The problem:
We have a weighted graph $G=(V, E, W)$ with $|V| = n$, $|E| = n-1$ and $W$ is set of edge's weight. The graph $G$ includes one ring on $n_1 \geq 3$ nodes and $n_2$ isolated nodes, $n_1+ n_2 = n$.
We want to connect isolated nodes to the ring using an edge weight (euclidean distance between nodes and edges) as the feature for connection. The ring's weight must be minimal.
Algorithm
- select an edge $(u,v) \in E$
- match to the edge $(u,v)$ the minimum distance to isolated nodes (this is an edge's weight)

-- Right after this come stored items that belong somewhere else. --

Lemma big_two_support {V : nmodType} {n} (F : 'I_n -> V) (k l : 'I_n) : k != l ->
  (forall i, i != k -> i != l -> F i = 0) -> \sum_(i < n) F i = F k + F l.
Proof.
move=> kl F0; rewrite (bigD1 k) //= (bigD1 l) /=; last by rewrite eq_sym.
by rewrite big1 ?addr0 // => i /andP[ik il]; rewrite F0.
Qed.

Lemma le_mul_of_discriminant (R : realFieldType) (a b c : R) :
  0 <= a -> 0 <= b -> 0 <= c ->
  (forall x, 0 <= x ^+ 2 * a - 2 * x * c + c * b) -> c <= a * b.
Proof.
move=> a0 b0 c0 H; have [b_0|bnz] := eqVneq b 0; last first.
  have b_gt0 : 0 < b by rewrite lt0r bnz.
  by have := H b; nra.
subst b; rewrite mulr0; have [a_0|anz] := eqVneq a 0.
  by have := H 1; rewrite a_0 !(mulr0, mulr1); lra.
have := H (c / a); have ca : c / a * a = c by rewrite mulfVK.
have : 0 <= c / a by rewrite divr_ge0.
nra.
Qed.

Section PositiveSemidefinite.
Local Open Scope complex_scope.
Variables (R : realType) (n : nat) (P : 'M[R[i]]_n).

Lemma quadratic_formE (v : 'cV[R[i]]_n) :
  (adj v *m P *m v) 0 0 = \sum_(i < n) \sum_(j < n) (v i 0)^* * P i j * v j 0.
Proof.
rewrite !mxE exchange_big /=; apply: eq_bigr => j _.
by rewrite !mxE mulr_suml; apply: eq_bigr => i _; rewrite /adj !mxE.
Qed.

Hypothesis P_psd : psd P.

Lemma psd_conj_sym i j : P j i = (P i j)^*.
Proof. by case: P_psd => + _ => {1}->; rewrite /adj !mxE. Qed.

Lemma psd_quadratic_ge0 (g : 'I_n -> R[i]) :
  0 <= \sum_(i < n) \sum_(j < n) (g i)^* * P i j * g j.
Proof.
case: P_psd => _ /(_ (\col_i g i)); rewrite quadratic_formE.
by congr (0 <= _); apply: eq_bigr => i _; apply: eq_bigr => j _; rewrite !mxE.
Qed.

Lemma psd_diag k : P k k = (complex.Re (P k k))%:C /\ 0 <= complex.Re (P k k).
Proof.
have := psd_quadratic_ge0 (fun i => if i == k then 1 else 0).
rewrite (@big_one_support _ _ _ k) => [|i ik]; last first.
  by rewrite big1 // => j _; rewrite (negPf ik) raddf0 !mul0r.
rewrite (@big_one_support _ _ _ k) => [|j jk]; last by rewrite (negPf jk) mulr0.
rewrite eqxx rmorph1 mul1r mulr1.
by case: (P k k) => a b; rewrite lecE /= => /andP[/eqP -> a0].
Qed.

Lemma psd_minor2 k l : k != l ->
  complex.Re (P k l) ^+ 2 + complex.Im (P k l) ^+ 2 <=
    complex.Re (P k k) * complex.Re (P l l).
Proof.
move=> kl; have lk : l != k by rewrite eq_sym.
have [Pkk Pkk0] := psd_diag k; have [Pll Pll0] := psd_diag l.
apply: le_mul_of_discriminant => // [|x]; first by rewrite addr_ge0 ?sqr_ge0.
pose g i := if i == k then x%:C else if i == l then - P l k else 0.
have := psd_quadratic_ge0 g.
have g0 i : i != k -> i != l -> g i = 0 by rewrite /g => /negPf-> /negPf->.
have inner i : \sum_(j < n) (g i)^* * P i j * g j =
    (g i)^* * P i k * g k + (g i)^* * P i l * g l.
  by apply: big_two_support kl _ => // j jk jl; rewrite (g0 j) // mulr0.
under eq_bigr do rewrite inner.
rewrite (big_two_support kl) => [|i ik il]; last by rewrite (g0 i) // raddf0 !mul0r addr0.
rewrite /g eqxx (negPf lk) eqxx (psd_conj_sym k l) Pkk Pll.
by case: (P k l) => a b; rewrite lecE => /andP[_]; simpc => /= H; nra.
Qed.

End PositiveSemidefinite.

Section Qubit.
Local Open Scope complex_scope.
Variable R : realType.
Local Notation C := R[i].
Local Notation Re := (@complex.Re R).

Lemma tidx00 : tidx (inord 0) (inord 0) = inord 0. Proof. by rewrite /tidx !inordK. Qed.
Lemma tidx01 : tidx (inord 0) (inord 1) = inord 1. Proof. by rewrite /tidx !inordK. Qed.
Lemma tidx10 : tidx (inord 1) (inord 0) = inord 2. Proof. by rewrite /tidx !inordK. Qed.
Lemma tidx11 : tidx (inord 1) (inord 1) = inord 3. Proof. by rewrite /tidx !inordK. Qed.

Lemma ord2_inord (i : 'I_2) : i = inord 0 \/ i = inord 1.
Proof. by case: i => [[|[|//]] ?]; [left|right]; apply/val_inj; rewrite /= inordK. Qed.

Lemma bloch_equatorial (r : 'rV[R]_3) : cz r = 0 ->
  [/\ bloch r (inord 0) (inord 0) = (1 / 2)%:C, bloch r (inord 1) (inord 1) = (1 / 2)%:C,
      bloch r (inord 0) (inord 1) = (cx r / 2) -i* (cy r / 2)
    & bloch r (inord 1) (inord 0) = (cx r / 2) +i* (cy r / 2)].
Proof.
move=> z; rewrite /bloch !mxE -!val_eqE /= !inordK // z.
have -> : (1 / 2 : C) = (1 / 2 : R)%:C by rewrite rmorphM rmorph1 fmorphV rmorph_nat.
by split; simpc; apply/eqP; rewrite eq_complex /=; apply/andP; split; apply/eqP; ring.
Qed.

Lemma trace_mul_Cz2 (P : 'M[C]_4) :
  \tr (P *m Cz2 R) = (P (inord 1) (inord 1) + P (inord 2) (inord 2)) *+ 4.
Proof.
rewrite /mxtrace big_ord4 !mxE !big_ord4 !mxE -!val_eqE /= !inordK //= -mulr_natl.
ring.
Qed.

Lemma coupling_equatorial_entries (r1 r2 : 'rV[R]_3) (P : 'M[C]_4) :
  cz r1 = 0 -> cz r2 = 0 -> coupling (bloch r1) (bloch r2) P ->
  let d := Re (P (inord 1) (inord 1)) in
  [/\ Re (P (inord 2) (inord 2)) = d, Re (P (inord 0) (inord 0)) = 1 / 2 - d,
      Re (P (inord 3) (inord 3)) = 1 / 2 - d,
      P (inord 0) (inord 2) + P (inord 1) (inord 3) = (cx r2 / 2) -i* (cy r2 / 2)
    & P (inord 0) (inord 1) + P (inord 2) (inord 3) = (cx r1 / 2) +i* (cy r1 / 2)].
Proof.
move=> z1 z2 [_ [omega rhoT]].
have [b1_00 b1_11 b1_01 b1_10] := bloch_equatorial z1.
have [b2_00 b2_11 b2_01 b2_10] := bloch_equatorial z2.
have omega_entry (i j : 'I_2) : P (tidx i (inord 0)) (tidx j (inord 0)) +
    P (tidx i (inord 1)) (tidx j (inord 1)) = bloch r2 i j.
  by rewrite -omega mxE big_ord2.
have rho_entry (i j : 'I_2) : P (tidx (inord 0) i) (tidx (inord 0) j) +
    P (tidx (inord 1) i) (tidx (inord 1) j) = bloch r1 j i.
  by move: (congr1 (fun A : 'M_2 => A i j) rhoT); rewrite !mxE big_ord2.
have o00 := omega_entry (inord 0) (inord 0); have o11 := omega_entry (inord 1) (inord 1).
have o01 := omega_entry (inord 0) (inord 1); have r00 := rho_entry (inord 0) (inord 0).
have r11 := rho_entry (inord 1) (inord 1); have r01 := rho_entry (inord 0) (inord 1).
rewrite b2_00 in o00; rewrite b2_11 in o11; rewrite b2_01 in o01.
rewrite b1_00 in r00; rewrite b1_11 in r11; rewrite b1_10 in r01.
rewrite !tidx00 !tidx01 !tidx10 !tidx11 in o00 o11 o01 r00 r11 r01.
move: o00 o11 r00 r11 => /(congr1 Re) + /(congr1 Re) + /(congr1 Re) + /(congr1 Re).
by rewrite !raddfD /= => e1 e2 e3 e4; split; first [exact: r01 | exact: o01 | lra].
Qed.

- repeat steps 1-2 for all edges
- find the edge $(u,v)_{\min}$ with the global minimum weight $\arg \min_{(u,v) \in E} W$
- connect the head $u$ and tail $v$ of specifited edge $(u,v)_{\min}$ with the corresponded isolated node $a$ by adding two edges $(u,a)$ and $(a,v)$
- delete the edge $(u,v)_{\min}$ from the triangle $\{(u,a), (a,v), (v,u)\} \subset E$
- repeat steps the 1-5 while the set of isolated nodes is not empty.
In the wortest case on step 4 we can have more one edges (some edges can have the same weight) and we can randomly select one of them. But we need to store weight of non-used edges for the possible back propogation on the next steps.
Problem. How to estimate the computation complexity of the proposed algorithm?
My attemp is:
- $n$ elementary operations
- $n_2$ elementary operations
- $n \cdot (n-1)$ elementary operations
- $n^2/2 - n$ elementary operations, if $W$ is simmetric matrix with zero diagonal and all elements are different on all steps (one choice)
- $2$ elementary operations
- $1$ elementary operation
- $n$ elementary operations
The complexity is $O(n^2)$.